(* For every $M\geq 1$, $g(M)-h(M)$ equals the number of partitions in $\mathcal G_1(M)$ that have no part equal to $1$.
   Context: The perimeter of a nonempty partition $\lambda$ with largest part $\lambda_1$ and $\ell(\lambda)$ parts is $\lambda_1+\ell(\lambda)-1$. $\mathcal G(M)$ is the set of partitions into odd parts with perimeter $M$, $\mathcal H(M)$ the set of partitions into distinct parts with perimeter $M$; $g(M)$ (resp. $h(M)$) is the total number of parts, summed over all partitions in $\mathcal G(M)$ (resp. $\mathcal H(M)$). $\mathcal G_1(M)$ is the set of partitions with perimeter $M$ in which exactly one distinct even integer occurs as a part (possibly with multiplicity greater than one) and all other parts are odd. *)

From mathcomp Require Import all_boot.
Set Implicit Arguments. Unset Strict Implicit. Unset Printing Implicit Defensive.

Definition is_partition (l : seq nat) : bool :=
  sorted geq l && all (fun x => 0 < x) l.

(* Perimeter of a nonempty partition: largest part + number of parts - 1.
   (The empty partition is never counted: we require l nonempty below.) *)
Definition perimeter (l : seq nat) : nat := head 0 l + size l - 1.

Definition has_perimeter (M : nat) (l : seq nat) : bool :=
  is_partition l && (l != [::]) && (perimeter l == M).

Definition in_G (M : nat) (l : seq nat) : bool := has_perimeter M l && all odd l.
Definition in_H (M : nat) (l : seq nat) : bool := has_perimeter M l && uniq l.
Definition in_G1 (M : nat) (l : seq nat) : bool :=
  has_perimeter M l && (size (undup [seq x <- l | ~~ odd x]) == 1).

(* Every partition of perimeter M has all parts <= M and at most M parts,
   so it is the list of nonzero entries of a nonincreasing M-tuple with
   entries in {0..M}; this correspondence is bijective on nonincreasing tuples. *)
Definition part_of_tuple (M : nat) (t : M.-tuple 'I_M.+1) : seq nat :=
  [seq x <- [seq val i | i <- t] | 0 < x].

Definition tuple_ok (M : nat) (t : M.-tuple 'I_M.+1) : bool :=
  sorted geq [seq val i | i <- t].

Definition sum_bounded_parts (M : nat) (P : pred (seq nat)) (F : seq nat -> nat) : nat :=
  \sum_(t : M.-tuple 'I_M.+1 | tuple_ok t && P (part_of_tuple t)) F (part_of_tuple t).

Definition g (M : nat) : nat := sum_bounded_parts M (in_G M) size.
Definition h (M : nat) : nat := sum_bounded_parts M (in_H M) size.
Definition G1_no_one (M : nat) : nat :=
  sum_bounded_parts M (fun l => in_G1 M l && (1 \notin l)) (fun _ => 1).

(* A partition of perimeter N+2 arises from a smaller partition by one of two moves
   on its largest part a: [push_top k] adds a new largest part a+k (perimeter +k+1,
   one more part) and [bump_top k] replaces a by a+k (perimeter +k, same number of
   parts).  Which move applies, and to which set, is decided by the gap between the two
   largest parts; writing X(N) for the members of X of perimeter N,
     G(N+2) = push_top 0 G(N+1) + bump_top 2 G(N),
     H(N+2) = push_top 1 H(N) + bump_top 1 H(N+1),
     K(N+2) = push_top 0 K(N+1) + push_top 1 K_even(N) + bump_top 2 K_odd(N)
              + bump_top 1 T(N+1),
   where K is G_1 without a part 1, split by the parity of the largest part, and T is
   the set of odd partitions in which 1 can only be the largest part.  Removing 2 from
   every part maps T(N+2) onto G(N), so |T(N+1)| = |G(N+1)| - |G(N)|.  Hence |G| and
   |H| both satisfy the Fibonacci recursion, and
     g(N+2) = g(N+1) + g(N) + |G(N+1)|,   h(N+2) = h(N+1) + h(N) + |H(N)|,
     |K(N+2)| = |K(N+1)| + |K(N)| + |G(N+1)| - |G(N)|,
   so g - h and |K| obey the same recursion with the same initial values. *)

From mathcomp Require Import all_boot zify.
Set Implicit Arguments. Unset Strict Implicit. Unset Printing Implicit Defensive.

Lemma geq_trans : transitive geq.
Proof. exact: rev_trans leq_trans. Qed.

Lemma geq_anti : antisymmetric geq.
Proof. by move=> m n /andP[mn nm]; apply/anti_leq/andP. Qed.

Lemma has_perimeter_cons N a s : has_perimeter N (a :: s) =
  [&& 0 < a, path geq a s, all (fun x => 0 < x) s & a + size s == N].
Proof.
rewrite /has_perimeter /is_partition /perimeter /= subn1 addnS /=.
by case: (0 < a); case: (path geq a s); case: (all _ s).
Qed.

Lemma has_perimeter_nil N : has_perimeter N [::] = false.
Proof. by rewrite /has_perimeter andbF. Qed.

Lemma has_perimeter_sorted N l : has_perimeter N l -> sorted geq l.
Proof. by case/andP=> /andP[/andP[]]. Qed.

Lemma sorted_le_head (l : seq nat) x : sorted geq l -> x \in l -> x <= head 0 l.
Proof.
case: l => [|a s] //= sorted_s.
by rewrite inE => /predU1P[->//|/(allP (order_path_min geq_trans sorted_s))].
Qed.

Lemma behead_le_head N a s x : has_perimeter N (a :: s) -> x \in s -> x <= head 0 s.
Proof. by move/has_perimeter_sorted/path_sorted; apply: sorted_le_head. Qed.

Lemma head_behead_le N l : has_perimeter N l -> head 0 (behead l) <= head 0 l.
Proof.
case: l => [|a [|b s]]; rewrite ?has_perimeter_nil // has_perimeter_cons.
by case/and3P=> _ /andP[].
Qed.

Lemma head_behead_lt N a s : has_perimeter N (a :: s) -> a \notin s -> head 0 s < a.
Proof.
rewrite has_perimeter_cons => /and4P[a_gt0 sorted_s _ _].
case: s sorted_s => [|b s] //= /andP[b_le_a _]; rewrite inE negb_or ltn_neqAle b_le_a.
by case/andP=> /negbTE; rewrite eq_sym => ->.
Qed.

Lemma has_perimeter1 l : has_perimeter 1 l = (l == [:: 1]).
Proof.
case: l => [|a s]; rewrite ?has_perimeter_nil // has_perimeter_cons eqseq_cons.
case: a => [|[|a]] //=; last by rewrite addSn !andbF.
by case: s => //= b s; rewrite add1n !andbF.
Qed.

Lemma perm_filter_pos (s : seq nat) :
  perm_eq s ([seq x <- s | 0 < x] ++ nseq (size s - size [seq x <- s | 0 < x]) 0).
Proof.
rewrite -{1}(perm_filterC (fun x => 0 < x) s) perm_cat2l.
have /all_pred1P -> : all (pred1 0) [seq x <- s | predC (fun x => 0 < x) x].
  by rewrite all_filter; apply/allP => -[].
by rewrite !size_filter -(count_predC (fun x => 0 < x)) addKn.
Qed.

Definition perimeter_partitions (M : nat) : seq (seq nat) :=
  [seq l <- [seq part_of_tuple t | t <- index_enum (M.-tuple 'I_M.+1) & tuple_ok t]
     | has_perimeter M l].

(* Two nonincreasing tuples with the same positive entries have the same number of
   zeros, so they are permutations of each other and hence equal. *)
Lemma perimeter_partitions_uniq M : uniq (perimeter_partitions M).
Proof.
apply/filter_uniq; rewrite map_inj_in_uniq ?filter_uniq ?index_enum_uniq //.
move=> t1 t2; rewrite !mem_filter => /andP[ok1 _] /andP[ok2 _] eq_pos.
apply/val_inj/(inj_map val_inj)/(sorted_eq geq_trans geq_anti ok1 ok2).
rewrite (permPl (perm_filter_pos _)) (permPr (perm_filter_pos _)).
by rewrite /part_of_tuple in eq_pos; rewrite eq_pos !size_map !size_tuple.
Qed.

Lemma mem_perimeter_partitions M l :
  (l \in perimeter_partitions M) = has_perimeter M l.
Proof.
rewrite mem_filter; apply/andb_idr; case: l => [|a s]; first by rewrite has_perimeter_nil.
rewrite has_perimeter_cons => /and4P[a_gt0 sorted_s pos_s /eqP perim].
have le_s_a := order_path_min geq_trans sorted_s.
pose z := (a :: s) ++ nseq (M - (size s).+1) 0.
have size_z : size [seq inord x : 'I_M.+1 | x <- z] == M.
  by rewrite size_map size_cat size_nseq /=; apply/eqP; lia.
have val_z : [seq val i | i <- Tuple size_z] = z.
  rewrite -map_comp map_id_in // => x; rewrite mem_cat => x_in; apply: inordK.
  case/orP: x_in => [/predU1P[->|xs]|/nseqP[-> _]] //; first lia.
  by have := allP le_s_a x xs; rewrite /=; lia.
apply/mapP; exists (Tuple size_z).
  rewrite mem_filter mem_index_enum andbT /tuple_ok val_z /= cat_path sorted_s /=.
  by elim: (M - _) (last a s) => //= n IH x; rewrite IH andbT.
rewrite /part_of_tuple val_z filter_cat /= a_gt0 (all_filterP pos_s).
by rewrite (eq_in_filter (a2 := pred0)) ?filter_pred0 ?cats0 // => x /nseqP[->].
Qed.

Lemma sum_bounded_partsE M (P : pred (seq nat)) (F : seq nat -> nat) :
  sum_bounded_parts M (fun l => has_perimeter M l && P l) F =
  \sum_(l <- perimeter_partitions M | P l) F l.
Proof.
by rewrite /sum_bounded_parts big_filter_cond big_map big_filter_cond.
Qed.

Lemma perimeter_sum0 (P : pred (seq nat)) (F : seq nat -> nat) :
  \sum_(l <- perimeter_partitions 0 | P l) F l = 0.
Proof.
case E: (perimeter_partitions 0) => [|l ?]; first by rewrite big_nil.
have : l \in perimeter_partitions 0 by rewrite E mem_head.
rewrite mem_perimeter_partitions.
by case: l {E} => [|a s]; rewrite ?has_perimeter_nil // has_perimeter_cons => /and4P[]; lia.
Qed.

Lemma perimeter_sum1 (P : pred (seq nat)) (F : seq nat -> nat) :
  \sum_(l <- perimeter_partitions 1 | P l) F l = if P [:: 1] then F [:: 1] else 0.
Proof.
have -> : perimeter_partitions 1 = [:: [:: 1]].
  apply: perm_small_eq => //; apply: uniq_perm => // [|l].
    exact: perimeter_partitions_uniq.
  by rewrite mem_perimeter_partitions has_perimeter1 inE.
by rewrite big_cons big_nil addn0.
Qed.

Lemma perimeter_sum_reindex N N' (P P' : pred (seq nat)) (f f' : seq nat -> seq nat)
    (F : seq nat -> nat) :
  (forall s, has_perimeter N' s -> P' s ->
     [/\ has_perimeter N (f s), P (f s) & f' (f s) = s]) ->
  (forall l, has_perimeter N l -> P l ->
     [/\ has_perimeter N' (f' l), P' (f' l) & f (f' l) = l]) ->
  \sum_(l <- perimeter_partitions N | P l) F l =
  \sum_(s <- perimeter_partitions N' | P' s) F (f s).
Proof.
move=> f_into f'_into; rewrite -big_filter -[RHS]big_filter -(big_map f xpredT).
have uniq_pp := perimeter_partitions_uniq.
apply/perm_big/uniq_perm; first exact/filter_uniq/uniq_pp.
  rewrite map_inj_in_uniq; first exact/filter_uniq/uniq_pp.
  move=> s1 s2; rewrite !(mem_filter P') !mem_perimeter_partitions.
  move=> /andP[P's1 hp1] /andP[P's2 hp2] eq_f.
  by have [_ _ <-] := f_into _ hp1 P's1; have [_ _ <-] := f_into _ hp2 P's2; rewrite eq_f.
move=> l; rewrite (mem_filter P) mem_perimeter_partitions; apply/andP/mapP.
  case=> Pl /f'_into/(_ Pl)[hp P'l fK]; exists (f' l) => //.
  by rewrite (mem_filter P') mem_perimeter_partitions P'l.
case=> s; rewrite (mem_filter P') mem_perimeter_partitions => /andP[P's /f_into].
by case/(_ P's) => hp Pfs _ ->.
Qed.

Definition push_top (k : nat) (l : seq nat) : seq nat := (head 0 l + k) :: l.

Definition bump_top (k : nat) (l : seq nat) : seq nat :=
  if l is a :: s then (a + k) :: s else [::].

Definition lower_top (k : nat) (l : seq nat) : seq nat :=
  if l is a :: s then (a - k) :: s else [::].

(* For a single part [a] the gap is [a] itself. *)
Definition top_gap (l : seq nat) : nat := head 0 l - head 0 (behead l).

Lemma size_push_top k l : size (push_top k l) = size l + 1.
Proof. by rewrite addn1. Qed.

Lemma size_bump_top k l : size (bump_top k l) = size l.
Proof. by case: l. Qed.

Lemma has_perimeter_push_top k N l :
  has_perimeter (k + N).+1 (push_top k l) = has_perimeter N l.
Proof.
case: l => [|a s]; rewrite /push_top has_perimeter_cons /=.
  by rewrite has_perimeter_nil; apply/negbTE; rewrite negb_and; lia.
rewrite has_perimeter_cons leq_addr /= addn_gt0 addnS eqSS addnAC [k + N]addnC eqn_add2r.
by case: (0 < a); rewrite ?andbF.
Qed.

Lemma has_perimeter_bump_top k N l :
  has_perimeter N l -> has_perimeter (k + N) (bump_top k l).
Proof.
case: l => [|a s]; rewrite ?has_perimeter_nil //= !has_perimeter_cons.
case/and4P=> a_gt0 sorted_s -> /eqP <-.
rewrite addn_gt0 a_gt0 addnAC [a + size s + k]addnC eqxx.
by rewrite (path_le geq_trans _ sorted_s) //= leq_addr.
Qed.

Lemma has_perimeter_lower_top k N l :
  has_perimeter (k + N) l -> k < head 0 l -> k + head 0 (behead l) <= head 0 l ->
  has_perimeter N (lower_top k l).
Proof.
case: l => [|a s]; rewrite ?has_perimeter_nil //= !has_perimeter_cons.
case/and4P=> _ sorted_s -> /eqP perim k_lt_a le_head.
apply/and4P; split=> //; [lia | | apply/eqP; lia].
by case: s sorted_s le_head {perim} => //= b s /andP[_ ->]; rewrite andbT; lia.
Qed.

Lemma push_top_gap N l : has_perimeter N l -> push_top (top_gap l) (behead l) = l.
Proof.
move=> hp; have := head_behead_le hp.
by case: l hp => [|a s]; rewrite ?has_perimeter_nil // /push_top /top_gap /= => _ /subnKC->.
Qed.

Lemma perimeter_sum_push_top (F : seq nat -> nat) k N (P Q : pred (seq nat)) :
  (forall s, has_perimeter N s -> Q (push_top k s) = P s) ->
  \sum_(l <- perimeter_partitions (k + N).+1 | Q l && (top_gap l == k)) F l =
  \sum_(s <- perimeter_partitions N | P s) F (push_top k s).
Proof.
move=> QP; apply: (perimeter_sum_reindex (f' := behead)).
  move=> s hp Ps; rewrite has_perimeter_push_top QP //.
  by split=> //; rewrite Ps /top_gap /= addKn eqxx.
move=> l hp /andP[Ql /eqP gap_k].
have push_l : push_top k (behead l) = l by rewrite -gap_k (push_top_gap hp).
have hp' : has_perimeter N (behead l) by rewrite -(has_perimeter_push_top k) push_l.
by rewrite -QP // push_l.
Qed.
Lemma cV_bounded_closed_compact n (A : set 'cV[R]_n) (b : R) :
  closed A -> (forall x, A x -> `|x| <= b) -> compact A.
Proof.
move=> cA Ab; pose A' := [set y : 'rV[R]_n | A y^T].
have cA' : closed A' := preimage_closed (in1W (@trmx_continuous 1 n)) cA.
have bA' : bounded_set A'.
  exists b; split => [|M bM y /Ab yb]; first by rewrite num_real.
  by have := le_trans yb (ltW bM); rewrite mx_norm_trmx.
have -> : A = trmx @` A'.
  by apply/seteqP; split => [x Ax|_ [y Ay <-] //]; exists x^T; rewrite /A' /= trmxK.
apply: continuous_compact (bounded_closed_compact bA' cA').
by apply: continuous_subspaceT => y; apply: trmx_continuous.
Qed.

Lemma opnorm1_ge0 m n (B : 'M[R]_(m, n)) : 0 <= opnorm1 B.
Proof. by apply/bigmax_geP; left. Qed.

Lemma norm_mulmx_le_opnorm1 m n (B : 'M[R]_(m, n)) (x : 'cV[R]_n) :
  (forall j, 0 <= x j ord0) -> `|B *m x| <= opnorm1 B * \sum_j x j ord0.
Proof.
move=> x0; apply: mx_norm_le => [|i k]; first by rewrite mulr_ge0 ?opnorm1_ge0 ?sumr_ge0.
rewrite mxE ord1 mulr_sumr; apply: le_trans (ler_norm_sum _ _ _) _.
apply: ler_sum => j _; rewrite normrM (ger0_norm (x0 j)) ler_wpM2r //.
apply: le_trans (le_bigmax _ (fun j => \sum_i `|B i j|) j).
by rewrite (bigD1 i) //= lerDl sumr_ge0.
Qed.

End MatrixNorms.

Lemma closure_bigcup_finite (T : topologicalType) (I : finType) (A : I -> set T) (x : T) :
  closure (\bigcup_(i in [set: I]) A i) x -> exists i, closure (A i) x.
Proof.
move=> Ax; apply: contrapT => /forallNP nAx.
have : \forall y \near x, forall i, ~ A i y.
  apply: filter_forall => i; have /existsNP[B /not_implyP[Bx AB]] := nAx i.
  by apply: filterS Bx => y By Ay; apply: AB; exists y.
by move=> /Ax [y [[i _ Aiy] /(_ i)]].
Qed.

Lemma norm_limn_series_le (R : realType) (V : normedModType R) (f : V ^nat) (b : R ^nat)
    (K : R) (N : nat) :
  cvgn (series f) -> cvgn (series b) -> (forall n, 0 <= b n) -> 0 <= K ->
  (forall n, (n < N)%N -> f n = 0) -> (forall n, `|f n| <= K * b n) ->
  `|limn (series f)| <= K * (limn (series b) - series b N).
Proof.
move=> cf cb b0 K0 f0 fb.
have cnf : (fun M => `|series f M|) @ \oo --> `|limn (series f)| by apply: cvg_norm.
rewrite -(cvg_lim _ cnf) //; apply: limr_le; first by apply/cvg_ex; exists `|limn (series f)|.
near=> M; rewrite /series /=.
apply: le_trans (ler_norm_sum _ _ _) _.
apply: (@le_trans _ _ (\sum_(0 <= n < N + M) `|f n|)).
  by rewrite [leRHS](big_cat_nat (n := M)) ?leq_addl //= lerDl sumr_ge0.
rewrite (big_cat_nat (n := N)) ?leq_addr //= big1_seq ?add0r; last first.
  by move=> n /andP[_]; rewrite mem_index_iota => /andP[_ /f0 ->]; rewrite normr0.
apply: le_trans (ler_sum _ (fun n _ => fb n)) _.
rewrite -mulr_sumr ler_wpM2l // lerBrDr.
have bup : nondecreasing_seq (series b) by apply: nondecreasing_series => n _ _.
have := nondecreasing_cvgn_le bup cb (N + M).
by rewrite /series /= (big_cat_nat (n := N)) ?leq_addr // addrC.
Unshelve. all: by end_near.
Qed.

Lemma closure_normP (R : realType) (V : normedModType R) (A : set V) (x : V) :
  closure A x <-> forall e, 0 < e -> exists2 y, A y & `|x - y| < e.
Proof.
split=> [Ax e e0 | Ae B /nbhs_normP [e e0 eB]].
  by have [y [Ay]] := Ax _ (nbhsx_ballx x e e0); rewrite -ball_normE; exists y.
by have [y Ay xy] := Ae e e0; exists y; split => //; apply: eB.
Qed.

Definition prefix_agree (T1 T2 : Type) (N : nat) (g g' : (nat -> T1) * (nat -> T2)) : Prop :=
  (forall n, (n <= N)%N -> g'.1 n = g.1 n) /\ (forall n, (n < N)%N -> g'.2 n = g.2 n).

Lemma prefix_agree_diagonal (T1 T2 : Type) (gs : nat -> (nat -> T1) * (nat -> T2)) :
  (forall N, prefix_agree N (gs N) (gs N.+1)) ->
  forall N, prefix_agree N (gs N) (fun n => (gs n).1 n, fun n => (gs n.+1).2 n).
Proof.
move=> ag; have agM N M : (N <= M)%N -> prefix_agree N (gs N) (gs M).
  elim: M => [|M ih]; first by rewrite leqn0 => /eqP ->.
  rewrite leq_eqVlt ltnS => /predU1P[-> // | NM]; have [ih1 ih2] := ih NM.
  have [h1 h2] := ag M; split=> n nN.
    by rewrite h1 ?ih1 // (leq_trans nN).
  by rewrite h2 ?ih2 // (leq_trans nN).
move=> N; split=> n nN /=; first by rewrite (agM n N nN).1.
by rewrite (agM n.+1 N nN).2.
Qed.

Definition splice T (k : nat) (f g : nat -> T) n : T := if (n < k)%N then f n else g n.

Section FixedPoint.
Variables (R : realType) (d : nat) (s : nat -> subst d) (u : nat -> nat -> 'I_d.+1).
Hypothesis u_fix : fixed_point s u.
Arguments u_fix : clear implicits.
Local Notation V := 'cV[R]_d.+1.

§ **What you will do**
Where a line above holds the string "negbTE", copy that line.

§ **Answer to the exercise**
by case/andP=> /negbTE; rewrite eq_sym => ->.
  by rewrite has_perimeter_nil; apply/negbTE; rewrite negb_and; lia.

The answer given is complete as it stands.